All of the orders here involved fall within thirty days after the entry of the trial court’s original judgment. It is well settled that a trial court has full control of its docket for thirty days after entry of its judgment and during such period of time can set aside, modify or reform such judgment. In support thereof, appellees cite Tex.R.Civ.P. 329b (Vernon 1977); White v. Douglas, 569 S.W.2d 635 (Tex.Civ.App.—Texarkana 1978, writ ref’d n.r.e.); Affolter v. Affolter, 389 S.W.2d 742 (Tex.Civ.App.—Corpus Christi 1965, no writ). The cases above cited do not discuss the question of whether a trial court can, after vacating its previous judgment, thereinafter reinstate such judgment without holding a new trial. However, there are a number of cases, which discuss and pass on this matter. In Transamerican Leasing Co. v. Three Bears, Inc., 567 S.W.2d 799 (Tex.1978), the trial court vacated the original judgment more than thirty days after it was entered but within forty-five days after the amended motion for new trial had been filed. A second judgment was subsequently entered by the trial court and an appeal was perfected. The court of civil appeals in Three Bears, Inc. v. Transamerican Leasing Co., 560 S.W.2d 183 (Tex.Civ.App.—El Paso 1978), considered the order vacating the judgment as an order granting a new trial, and reversed the second judgment and remanded the cause for a new trial. The supreme court on appeal reversed and remanded the case to the court of civil appeals, stating:

Under the express provision of this rule, the trial court retains jurisdiction over the cause and, thus, plenary power over its judgment until thirty days after the original or amended motion for new trial is overruled.
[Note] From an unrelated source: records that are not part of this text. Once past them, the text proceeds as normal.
(* Let $P=\{p_1,\dots,p_n\}$ be weighted points in $\mathbb{R}^2$ with total weight $1$, let $S=\{s_1,\dots,s_m\}$ be triangles in $\mathbb{R}^2$ of total area $1$ with longest edge length $\Delta$, let $\delta>0$, and let $Q$ be the set of cells produced by the subdivision described in the context. Then $|Q|=O\!\left(\frac{nm}{\delta^2}\log\frac{nm\Delta}{\delta}\right)$.
   Context: Subdivision: overlay a uniform grid of $\Delta\times\Delta$ square cells and keep the cells that intersect a triangle of $S$. Recursively process each cell: if there is a point of $P$ such that the whole cell lies within Euclidean distance $\delta/\sqrt{nm}$ of it, stop; otherwise, if for some point of $P$ the ratio of the distances to the furthest and closest point of the cell exceeds $1+\delta$, split the cell into four equal squares and recurse; otherwise stop. $Q$ is the set of resulting cells. *)

From Stdlib Require Import Reals Lra ZArith List.
Open Scope R_scope.

Definition pt : Type := (R * R)%type.

Definition dist (p q : pt) : R :=
  sqrt ((fst p - fst q) ^ 2 + (snd p - snd q) ^ 2).

Definition sumR (k : nat) (f : nat -> R) : R :=
  fold_right Rplus 0 (map f (seq 0 k)).

Definition tri : Type := (pt * pt * pt)%type.

Definition tA (t : tri) : pt := fst (fst t).
Definition tB (t : tri) : pt := snd (fst t).
Definition tC (t : tri) : pt := snd t.
Lemma size_delta_le p : (size (delta p) <= size p + e)%N.
Proof.
elim/poly_ind: p => [|p c IHp]; first by rewrite raddf0 size_poly0.
have [->|p0] := eqVneq p 0; first by rewrite mul0r add0r deltaC size_poly0.
rewrite raddfD /= deltaC addr0 delta_mul size_MXaddC (negbTE p0) /=.
apply: leq_trans (size_polyD _ _) _; rewrite geq_max; apply/andP; split.
  apply: leq_trans (size_polyMleq _ _) _; apply: leq_trans (leq_pred _) _.
  by rewrite leq_add2r; exact/leqW/size_sigma_le.
by apply: leq_trans (size_polyMleq _ _) _; rewrite size_polyX addn2 addSn ltnS.
Qed.

Lemma box_xmul a b q : box a b q -> box a.+1 (b + e)%N (xmul q).
Proof.
move=> [qa qb]; rewrite ore_xmulE; split.
  apply: leq_trans (size_polyD _ _) _; rewrite geq_max; apply/andP; split.
    apply: leq_trans (size_polyMleq _ _) _; rewrite size_polyX addn2 /=.
    exact: leq_trans (size_poly _ _) qa.
  exact: leq_trans (size_poly _ _) (leqW qa).
move=> i; rewrite coefD coefMX !coef_map /=.
apply: leq_trans (size_polyD _ _) _; rewrite geq_max; apply/andP; split.
  case: (i == 0)%N; first by rewrite size_poly0.
  exact: leq_trans (size_sigma_le size_sigmaX _) (leq_trans (qb _) (leq_addr _ _)).
by apply: leq_trans (size_delta_le _) _; rewrite leq_add2r.
Qed.

Lemma box_ore_mul a1 b1 a2 b2 p q : box a1 b1 p -> box a2 b2 q ->
  box (a1 + a2)%N (b1 + b2 + a1 * e)%N (omul p q).
Proof.
move=> [pa pb] qbox.
have xmul_iter i : box (a2 + i)%N (b2 + i * e)%N (iter i xmul q).
  elim: i => [|i IHi] /=; first by rewrite addn0 mul0n addn0.
  by apply: box_mono (box_xmul IHi); rewrite ?addnS // mulSnr addnA.
apply: box_sum => -[i ip] _ /=; apply: box_mono (boxZ _ (xmul_iter i)).
  by have := leq_trans ip pa; lia.
rewrite addnA; apply: leq_add (leq_add (pb i) (leqnn _)) (leq_mul _ (leqnn _)).
exact: ltnW (leq_trans ip pa).
Qed.

Lemma box_ore_words s a b : (forall p, p \in s -> box a b p) ->
  forall n w, w \in words s n -> box (n * a + 1)%N (n * (b + a * e) + 1)%N w.
Proof.
move=> sab; elim=> [|n IHn] w /=; first by rewrite inE => /eqP ->; exact: box1.
case/allpairsP => -[p w'] [/= ps w'n ->].
have := box_ore_mul (sab _ ps) (IHn _ w'n); clear IHn.
by move=> wbox; apply: box_mono wbox; nia.
Qed.
Definition C2_on (n : nat) (U : set 'rV[R]_n) (f : 'rV[R]_n -> R) : Prop :=
  open U /\
  (forall i x, U x -> derivable f x (evec i)) /\
  (forall i, {within U, continuous (fun x => derive f x (evec i))}) /\
  (forall i j x, U x -> derivable (fun y => derive f y (evec j)) x (evec i)) /\
  (forall i j, {within U, continuous
       (fun x => derive (fun y => derive f y (evec j)) x (evec i))}).

Definition minkowski_norm (n : nat) (M : 'rV[R]_n -> R) : Prop :=
  (forall x, 0 <= M x) /\
  C2_on (~` [set 0]) (fun x => M x ^+ 2) /\
  (forall x y t, x != y -> 0 < t < 1 ->
     M (t *: x + (1 - t) *: y) ^+ 2 < t * M x ^+ 2 + (1 - t) * M y ^+ 2) /\
  (forall (l : R) x, M (l *: x) = `|l| * M x).

Definition dual_norm (n : nat) (M : 'rV[R]_n -> R) (x : 'rV[R]_n) : R :=
  sup [set inner x xi | xi in [set xi | M xi = 1]].

Definition grad_z (m k : nat) (K : 'rV[R]_m * 'rV[R]_k -> R) p : 'rV[R]_m :=
  \row_i derive K p (evec i, 0).
Definition grad_s (m k : nat) (K : 'rV[R]_m * 'rV[R]_k -> R) p : 'rV[R]_k :=
  \row_i derive K p (0, evec i).
End Defs.

(* For a Minkowski norm [M] with dual norm [D], the maximum defining [D x] over the
   compact sphere [M = 1] is attained at a unique point [xs] (strict convexity of
   [M^2]); near-maximizers are close to [xs], so [D] is differentiable at [x <> 0]
   with gradient [xs].  Hence [D^2] has gradient [g = 2 D(x) xs] with [M g = 2 D(x)],
   which also holds at [x = 0] with [g = 0] because [D] is bounded by a multiple of
   the Euclidean norm.  The identity then follows from the chain rule:
   [grad_z K = 2 (eps^2 + D_Phi(z)^2) g1] and [grad_s K = 16 g2]. *)

From HB Require Import structures.
From mathcomp Require Import all_boot all_order all_algebra.
From mathcomp Require Import all_classical all_reals all_analysis.
From mathcomp Require Import ring lra.
Import Order.TTheory GRing.Theory Num.Theory.
Import numFieldNormedType.Exports.
Local Open Scope classical_set_scope.
Local Open Scope ring_scope.
Set Implicit Arguments. Unset Strict Implicit. Unset Printing Implicit Defensive.
Lemma path_small_step (R : realFieldType) (X : Type) (e : rel X) (g : X -> R)
    (x : X) (s : seq X) (D : R) :
  path e x s -> (0 < size s)%N -> g (last x s) - g x <= D ->
  exists y z, e y z /\ g z - g y <= D / (size s)%:R.
Proof.
move=> ps s_gt0 le_D; apply: contrapT => no_small.
have steps_big y z : e y z -> D / (size s)%:R < g z - g y.
  by move=> eyz; rewrite ltNge; apply/negP => small; apply: no_small; exists y, z.
clear no_small; case: s s_gt0 ps le_D steps_big => [//|y s] _ /= /andP[exy ps].
set eta := D / _ => le_D steps_big.
have := path_last_sub_ge (fun a b eab => ltW (steps_big a b eab)) ps.
have := steps_big _ _ exy.
have : (size s).+1%:R * eta = D by rewrite /eta mulrC divfK // pnatr_eq0.
rewrite mulrSr mulrDl mul1r; lra.
Qed.

Lemma sum_ltn_minn (N x : nat) : (\sum_(t < N) (t < x))%N = minn N x.
Proof.
elim: N => [|N IH]; first by rewrite big_ord0 min0n.
by rewrite big_ord_recr /= IH; case: (ltnP N x) => /=; lia.
Qed.

Lemma harmonic_pow2_le (R : realFieldType) (n : nat) :
  \sum_(t < 2 ^ n) (t.+1%:R : R)^-1 <= n.+1%:R.
Proof.
elim: n => [|n IH]; first by rewrite expn0 big_ord1 invr1.
rewrite expnS mul2n -addnn big_split_ord /= -(addn1 n.+1) natrD.
apply: lerD => //.
apply: (@le_trans _ _ (\sum_(t < 2 ^ n) ((2 ^ n)%:R : R)^-1)).
  apply: ler_sum => t _; rewrite lef_pV2 ?posrE ?ltr0n ?expn_gt0 //= ler_nat.
  exact: leq_trans (leq_addr t _) _.
by rewrite sumr_const card_ord -[_ *+ _]mulr_natl mulfV // pnatr_eq0 -lt0n expn_gt0.
Qed.

Definition signed_coef {R : pzRingType} (x : 'I_3) : R :=
  if val x == 1%N then 1 else if val x == 2%N then -1 else 0.

Lemma signed_coef_pm {R : pzRingType} (x : 'I_3) :
  x != ord0 -> signed_coef x = 1 :> R \/ signed_coef x = -1 :> R.
Proof. by case: x => [[|[|[|x]]] ?] //= _; rewrite /signed_coef /=; [left|right]. Qed.

Lemma norm_signed_coef_le1 {R : numDomainType} (x : 'I_3) :
  `|signed_coef x : R| <= 1.
Proof.
by rewrite /signed_coef; case: ifP => _; rewrite ?normr1 //; case: ifP => _;
  rewrite ?normrN1 ?normr0.
Qed.

Section StepPatterns.
Variables (T : finType) (n : nat) (C : 'I_n -> {set T}) (k : nat).

Definition affected_sets (h : {ffun 'I_k -> T}) : {set 'I_n} :=
  [set i | [exists b, h b \in C i]].

(* [a] gives the coefficient [signed_coef (a i)] of each [w_i] in the weight
   change caused by exchanging the elements listed by [h]. *)
Definition admissible_pattern (h : {ffun 'I_k -> T}) (a : {ffun 'I_n -> 'I_3}) :=
  [forall i, (a i != ord0) ==> (i \in affected_sets h)].

Lemma card_affected_sets h : (#|affected_sets h| <= k * max_degree C)%N.
Proof.
have -> : affected_sets h = (\bigcup_(b : 'I_k) [set i | h b \in C i])%SET.
  apply/setP => i; rewrite inE; apply/existsP/bigcupP => [[b hb]|[b _]].
    by exists b; rewrite ?inE.
  by rewrite inE; exists b.
apply: leq_trans (leq_card_bigcup _) _.
apply: (@leq_trans (\sum_(b : 'I_k) max_degree C)); last by rewrite sum_nat_const card_ord.
by apply: leq_sum => b _; exact: (@leq_bigmax _ (fun x => #|[set i | x \in C i]|) (h b)).
Qed.

Lemma card_admissible_pattern h :
  (#|[pred a | admissible_pattern h a]| <= 3 ^ (k * max_degree C))%N.
Proof.
apply: (@leq_trans #|pffun_on (ord0 : 'I_3) (affected_sets h) predT|).
  apply/subset_leq_card/fintype.subsetP => a; rewrite inE => /forallP adm.
  apply/familyP => i; case: ifP => //= hi.
  by move: (adm i); rewrite hi implybF negbK.
by rewrite card_pffun_on card_ord leq_pexp2l // card_affected_sets.
Qed.

End StepPatterns.

Section LocalSearch.
Variables (R : realFieldType) (T : finType) (n : nat) (C : 'I_n -> {set T}) (m k : nat).
Implicit Types (v : 'I_n -> R) (S : {set T}).

Definition pattern_gain (a : {ffun 'I_n -> 'I_3}) v : R := \sum_i signed_coef (a i) * v i.

Definition hits S (i : 'I_n) : bool := S :&: C i != finset.set0.

Definition step_pattern S S' : {ffun 'I_n -> 'I_3} :=
  [ffun i => if hits S' i && ~~ hits S i then inord 1
             else if hits S i && ~~ hits S' i then inord 2 else ord0].

Lemma hs_weight_subE v S S' :
  hs_weight C v S' - hs_weight C v S = pattern_gain (step_pattern S S') v.
Proof.
rewrite /hs_weight [X in X - _]big_mkcond [X in _ - X]big_mkcond -sumrB.
apply: eq_bigr => i _; rewrite ffunE /signed_coef /hits.
by case: (S' :&: C i != _); case: (S :&: C i != _); rewrite /= ?inordK //=; lra.
Qed.

Lemma kneighbour_support S S' : kneighbour k S S' ->
  exists2 U : {set T}, (#|U| <= k)%N &
    forall i, [disjoint U & C i] -> hits S' i = hits S i.
Proof.
case/existsP=> A /existsP[Rm /and4P[_ _ cardk /eqP ->]].
exists (A :|: Rm); first by apply: leq_trans cardk; case: (leq_card_setU A Rm).
move=> i dUC; congr (_ != _); apply/setP => x; rewrite !inE.
case xC: (x \in C i); rewrite ?andbF ?andbT //.
have : x \notin A :|: Rm by rewrite (disjointFl dUC) // xC.
by rewrite !inE negb_or => /andP[/negbTE -> /negbTE ->]; rewrite orbF.
Qed.

Lemma small_set_enum (U : {set T}) (x0 : T) : (#|U| <= k)%N ->
  exists h : {ffun 'I_k -> T}, forall x, x \in U -> exists b, h b = x.
Proof.
move=> cardU; exists [ffun b : 'I_k => nth x0 (enum U) b] => x xU.
have lt_k : (index x (enum U) < k)%N.
  by apply: leq_trans cardU; rewrite cardE index_mem mem_enum.
by exists (Ordinal lt_k); rewrite ffunE /= nth_index ?mem_enum.
Qed.

Lemma improving_step_gain v S S' :
  kneighbour k S S' -> hs_weight C v S < hs_weight C v S' ->
  exists (h : {ffun 'I_k -> T}) a, admissible_pattern C h a /\
    hs_weight C v S' - hs_weight C v S = pattern_gain a v.
Proof.
move=> /kneighbour_support[U cardU sameU] lt_SS'.
case: (set_0Vmem U) => [U0 | [x0 _]].
  suff E : hs_weight C v S' = hs_weight C v S by move: lt_SS'; rewrite E ltxx.
  by apply: eq_bigl => i; apply: sameU; rewrite U0 -setI_eq0 finset.set0I.
have [h hU] := small_set_enum x0 cardU.
exists h, (step_pattern S S'); split; last exact: hs_weight_subE.
apply/forallP => i; apply/implyP => ai.
have : hits S' i != hits S i.
  by move: ai; rewrite ffunE; case: (hits S' i); case: (hits S i).
apply: contraR => i_unaffected; apply/eqP/sameU/pred0P => x /=.
apply/negbTE/negP => /andP[xU xC].
have [b hbx] := hU x xU.
by move: i_unaffected; rewrite inE negb_exists => /forallP/(_ b); rewrite hbx xC.
Qed.

Lemma hs_weight_bounds v : (forall i, 0 <= v i <= 1) ->
  forall S, 0 <= hs_weight C v S <= n%:R.
Proof.
move=> v01 S; apply/andP; split.
  by apply: sumr_ge0 => i _; case/andP: (v01 i).
rewrite /hs_weight big_mkcond /= -[n in n%:R]card_ord -sumr_const.
by apply: ler_sum => i _; case: ifP => _; case/andP: (v01 i).
Qed.

Lemma has_run_small_gain v t : (forall i, 0 <= v i <= 1) -> (0 < t)%N ->
  has_run C m k v t ->
  exists (h : {ffun 'I_k -> T}) a,
    admissible_pattern C h a /\ 0 < pattern_gain a v <= n%:R / t%:R.
Proof.
move=> v01 t_gt0 /existsP[S0 /existsP[s /andP[_ ps]]].
have spread : hs_weight C v (last S0 s) - hs_weight C v S0 <= n%:R.
  have /andP[? ?] := hs_weight_bounds v01 (last S0 s).
  have /andP[? ?] := hs_weight_bounds v01 S0; lra.
have [|S [S' [/and3P[_ nSS' ltSS'] small]]] := path_small_step ps _ spread.
  by rewrite size_tuple.
have [h [a [ha gainE]]] := improving_step_gain nSS' ltSS'.
exists h, a; split => //; rewrite -gainE subr_gt0 ltSS'.
by rewrite size_tuple in small.
Qed.

Lemma has_run_lt v t : has_run C m k v t -> (t < 2 ^ n)%N.
Proof.
case/existsP => S0 /existsP[s /andP[_ ps]].
pose hit_sets S : {set 'I_n} := [set i | hits S i].
have weightE S : hs_weight C v S = \sum_(i in hit_sets S) v i.
  by apply: eq_bigl => i; rewrite inE.
have : uniq (map (hs_weight C v) (S0 :: s)).
  apply: (sorted_uniq (@lt_trans _ _) (@ltxx _ _)); rewrite /sorted /= path_map.
  by apply: sub_path ps => x y /and3P[].
rewrite (eq_map weightE) (map_comp (fun p : {set 'I_n} => \sum_(i in p) v i)).
move=> /map_uniq u.
have : (#|map hit_sets (S0 :: s)| <= #|powerset [set: 'I_n]|)%N.
  by apply/subset_leq_card/fintype.subsetP => p _; rewrite powersetE finset.subsetT.
by rewrite card_powerset cardsT card_ord (card_uniqP u) size_map /= size_tuple.
Qed.

Lemma max_iterations_has_run v : (0 < max_iterations C m k v)%N ->
  has_run C m k v (max_iterations C m k v).
Proof.
rewrite /max_iterations.
case: (pickP (fun t : 'I_(2 ^ #|T|).+1 => has_run C m k v t)) => [t0 rt0 _|none].
  have [|t rt maxE] :=
    @eq_bigmax_cond _ (fun t : 'I_(2 ^ #|T|).+1 => has_run C m k v t) val.
    by apply/card_gt0P; exists t0.
  by rewrite maxE.
by rewrite big_pred0.
Qed.

Lemma max_iterations_lt v : (max_iterations C m k v < 2 ^ n)%N.
Proof.
case: (posnP (max_iterations C m k v)) => [->|]; first by rewrite expn_gt0.
by move/max_iterations_has_run/has_run_lt.
Qed.

End LocalSearch.

Local Open Scope classical_set_scope.

Lemma le_measure_bigsetU (R : realType) (d : measure_display) (Omega : measurableType d)
    (mu : {measure set Omega -> \bar R}) (I : Type) (r : seq I) (p : pred I)
    (F : I -> set Omega) :
  (forall i, measurable (F i)) ->
  (mu (\big[setU/set0]_(i <- r | p i) F i) <= \sum_(i <- r | p i) mu (F i))%E.
Proof.
move=> mF; elim: r => [|x r IH]; first by rewrite !big_nil measure0.
rewrite !big_cons; case: ifP => _ //.
apply: le_trans (measureU2 _ _ _) _ => //; first exact: bigsetU_measurable.
exact: leeD.
Qed.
The original or amended motion for new trial is pending before the trial court until it is overruled either by written order or by operation of law at the expiration of forty-five days from the filing thereof. Rule 329b, § 3 and 4. During the pendency of the motion for new trial and the thirty day period following its overruling, the court has the power to vacate, modify, correct, or reform the judgment or to grant a new trial. Mathes v. Kelton, 21 Tex.Sup.Ct.J. 424 (June 17, 1978); Dubert v. Adkins, 475 S.W.2d 383 (Tex.Civ.App.—Corpus Christi 1971, no writ); Turner v. Texas Sportservice, 312 S.W.2d 388 (Tex.Civ.App.—San Antonio 1958, writ ref’d n.r.e.); McDonald, Texas Civil Practice § 18.-03 (1971). Reavley and Orr, Trial Court’s Power to Amend Its Judgments, 25 Baylor L.Rev. 191, 205-206 (1973).

567 S.W.2d at 800.

This court in Imperial Insurance Co. v. Ellington, 498 S.W.2d 368 (Tex.Civ.App.—San Antonio 1973, no writ), said:

When a judgment is withdrawn and a new judgment is substituted, if such action takes place within thirty days after the rendition of the first judgment or the order overruling motion for new trial, the action of the trial court is but an exercise of its power to control its judgment; and the times within which steps necessary to the perfection of appeal must be taken are determined by reference to the date of the second judgment.

498 S.W.2d at 370. 2

A case closely in point is Mesa Agro v. R. C. Dove & Sons, 584 S.W.2d 506 (Tex.Civ. *203 App.—El Paso 1979, writ ref’d n.r.e.). In Mesa the trial court entered judgment on the verdict on August 25, 1978. On August 31, 1978, the defendant filed a motion to set aside the judgment. The court granted said motion that same day and ordered the judgment of August 25, 1978, be set aside. On October 2, 1978, the court entered the identical judgment entered on August 25, 1978, except for the date.